Wameru,Maasai, Barbaig, Iragw, Hadzabe and Bagamoyo

TIME OF YEAR

Throughout the year

African Cultural Music and Dance Itinerary

Detailed itinerary.

Airport pick-up. Dinner and overnight at Arusha volunteers house.

Breakfast at Arusha volunteers house then day trip to Mt. Meru where you will visit the Wameru Tribal Cultural Center, hike to a waterfall, and then return to the village to watch a dance and music performance and taste traditional Swahili cuisine for lunch.  After lunch return to Arusha and take a walking tour of Arusha town and visit the internet café. In early evening meet members of Warriors of the East who will put on a dance and music performance infusing tribal dance with traditional African instruments. Enjoy a dinner with the members of the band as they discuss the history of African instruments. Overnight at Arusha volunteers.

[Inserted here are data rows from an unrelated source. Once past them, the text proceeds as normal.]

(* Assume the input embeddings $e_1,\dots,e_N$ are orthonormal, the output embeddings $u_1,\dots,u_M$ are orthonormal, and $p(x)>0$ for all $x\in[N]$. Let $\Pi$ denote the orthogonal projection of $\mathbb{R}^d$ onto $\mathrm{span}\{u_i-u_j: i,j\in[M]\}$. Then for any initialization $W_0$, the gradient flow $\dot W_t=-\nabla\mathcal{L}(W_t)$ satisfies \[ \lim_{t\to\infty}\frac{W_t}{\log t}=\kappa\sum_{x\in[N]}\Pi(u_{f^*(x)})\otimes e_x \] for some constant $\kappa>0$.
   Context: Integers $N,M\ge2$, $d\ge\max(N,M)$. Fixed embeddings $e_1,\dots,e_N,u_1,\dots,u_M\in\mathbb{R}^d$, target $f^*:[N]\to[M]$, probability distribution $p$ on $[N]$. For $W\in\mathbb{R}^{d\times d}$: $p_W(y\mid x)=\exp(u_y^\top We_x)/\sum_{z\in[M]}\exp(u_z^\top We_x)$, $\mathcal{L}(W)=-\sum_x p(x)\log p_W(f^*(x)\mid x)$. Gradients are for the Frobenius inner product; $u\otimes e:=ue^\top$. *)

From HB Require Import structures.
From mathcomp Require Import all_boot all_order all_algebra.
From mathcomp Require Import all_classical all_reals all_analysis.
Set Implicit Arguments. Unset Strict Implicit. Unset Printing Implicit Defensive.
Import Order.TTheory GRing.Theory Num.Theory.
Import numFieldNormedType.Exports.
Local Open Scope classical_set_scope.
Local Open Scope ring_scope.

Section Defs.
Variable R : realType.

Definition dotv {d : nat} (v w : 'cV[R]_d) : R := \sum_(k < d) v k 0 * w k 0.

Definition frob {d : nat} (A B : 'M[R]_d) : R := \sum_(i < d) \sum_(j < d) A i j * B i j.

Definition tensor {d : nat} (u e : 'cV[R]_d) : 'M[R]_d := u *m e^T.

Definition orthonormal_vecs {n d : nat} (v : 'I_n -> 'cV[R]_d) : Prop :=
  forall i j, dotv (v i) (v j) = (i == j)%:R.

Definition pW {N M d : nat} (e : 'I_N -> 'cV[R]_d) (u : 'I_M -> 'cV[R]_d)
  (W : 'M[R]_d) (y : 'I_M) (x : 'I_N) : R :=
  expR (dotv (u y) (W *m e x)) / \sum_(z < M) expR (dotv (u z) (W *m e x)).

Definition loss {N M d : nat} (e : 'I_N -> 'cV[R]_d) (u : 'I_M -> 'cV[R]_d)
  (fstar : 'I_N -> 'I_M) (p : 'I_N -> R) (W : 'M[R]_d) : R :=
  - \sum_(x < N) p x * ln (pW e u W (fstar x) x).

Definition is_gradient {d : nat} (f : 'M[R]_d -> R) (W G : 'M[R]_d) : Prop :=
  differentiable f W /\ forall V : 'M[R]_d, 'd f W V = frob G V.

Definition in_diff_span {M d : nat} (u : 'I_M -> 'cV[R]_d) (v : 'cV[R]_d) : Prop :=
  exists c : 'I_M -> 'I_M -> R, v = \sum_(i < M) \sum_(j < M) c i j *: (u i - u j).
Lemma average_descent D' eps A :
  0 <= eps -> in_Aeps g eps X D A ->
  FX_val g X D' <= FX_val g X D + eps - / INR n * frob (residual_gram X D A) (mat_sub D' D)
                   + N (mat_sub D' D) ^ 2 * quad_coef C A.
Proof.
move=> eps0 A_eps; set Delta := mat_sub D' D; set u := N Delta.
have per_sample i : fx_val g (col i X) D' <= fx_val g (col i X) D + eps
    - sumR (fun j => mat_sub X (mat_mul D A) j i * mulv Delta (col i A) j)
    + / 2 * C * u ^ 2 * norm1 (col i A) ^ 2.
  have [ga [ga_fin ga_opt]] := Aeps_column g_penalty i A_eps.
  have := sample_descent g_penalty (col i X) D D' ga_fin.
  have := Rmult_le_compat_l _ _ _ (pow2_ge_0 (norm1 (col i A))) (norm_1to2_le Delta).
  change (sumR (fun j => mat_sub X (mat_mul D A) j i * mulv Delta (col i A) j))
    with (sumR (fun j => vsub (col i X) (mulv D (col i A)) j * mulv Delta (col i A) j)).
  rewrite -/Delta -/u; lra.
have summed := sumR_le per_sample.
rewrite !sumR_add sumR_opp sumR_const sumR_scal cross_sum_frob in summed.
have := Rmult_le_compat_l _ _ _ (invn_ge0 n) summed.
have := invn_mul_le n eps0.
rewrite /FX_val /quad_coef /residual_gram /Rdiv Rinv_mult.
set c := / INR n; set F := frob _ _.
set Sold := sumR (fun i => fx_val g (col i X) D); set Q := sumR (fun i => norm1 (col i A) ^ 2).
have -> : c * (Sold + INR n * eps + - F + / 2 * C * u ^ 2 * Q)
    = c * Sold + c * (INR n * eps) - c * F + u ^ 2 * (C * (/ 2 * c) * Q) by ring.
lra.
Qed.

Lemma descent_at D' eps A l k :
  0 <= eps -> in_Aeps g eps X D A -> 0 < N (mat_sub D' D) ->
  Rbar_le (Rbar_scal (/ INR n) (dual_norm N (residual_gram X D A))) (RF l) ->
  quad_coef C A <= k ->
  FX_val g X D' <= FX_val g X D + eps + N (mat_sub D' D) * l + N (mat_sub D' D) ^ 2 * k.
Proof.
move=> eps0 A_eps u_pos L_bound C_bound.
have := average_descent D' eps0 A_eps.
have := scaled_dual_bound N_norm (invn_ge0 n) u_pos L_bound.
have := Rmult_le_compat_l _ _ _ (pow2_ge_0 (N (mat_sub D' D))) C_bound.
lra.
Qed.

Warriors of the East: http://youtu.be/NJjkTFufHbQ

More info about Wameru:

The Meru (Wameru) are a Tanzanian ethnic and linguistic group native to the slopes of Mount Meru in Arusha Region. The Meru people share the same name with the Meru people of Kenya, but are completely different ethnic groups each with their own unique history and identity. The Wameru people are said to have arrived to the slopes of the great mountain around 300 years ago coming from the Usambara Mountains in Tanga Region. Upon arriving at the southeastern slopes of Mount Meru they were met by the hunter gather group called the Koningo whom they absorbed into Meru society. The wameru are known for their intensive agricultural practices.

 

Today many descendants of Meru people still live in their homeland and Mount Meru and Arumeru District is named in their honor.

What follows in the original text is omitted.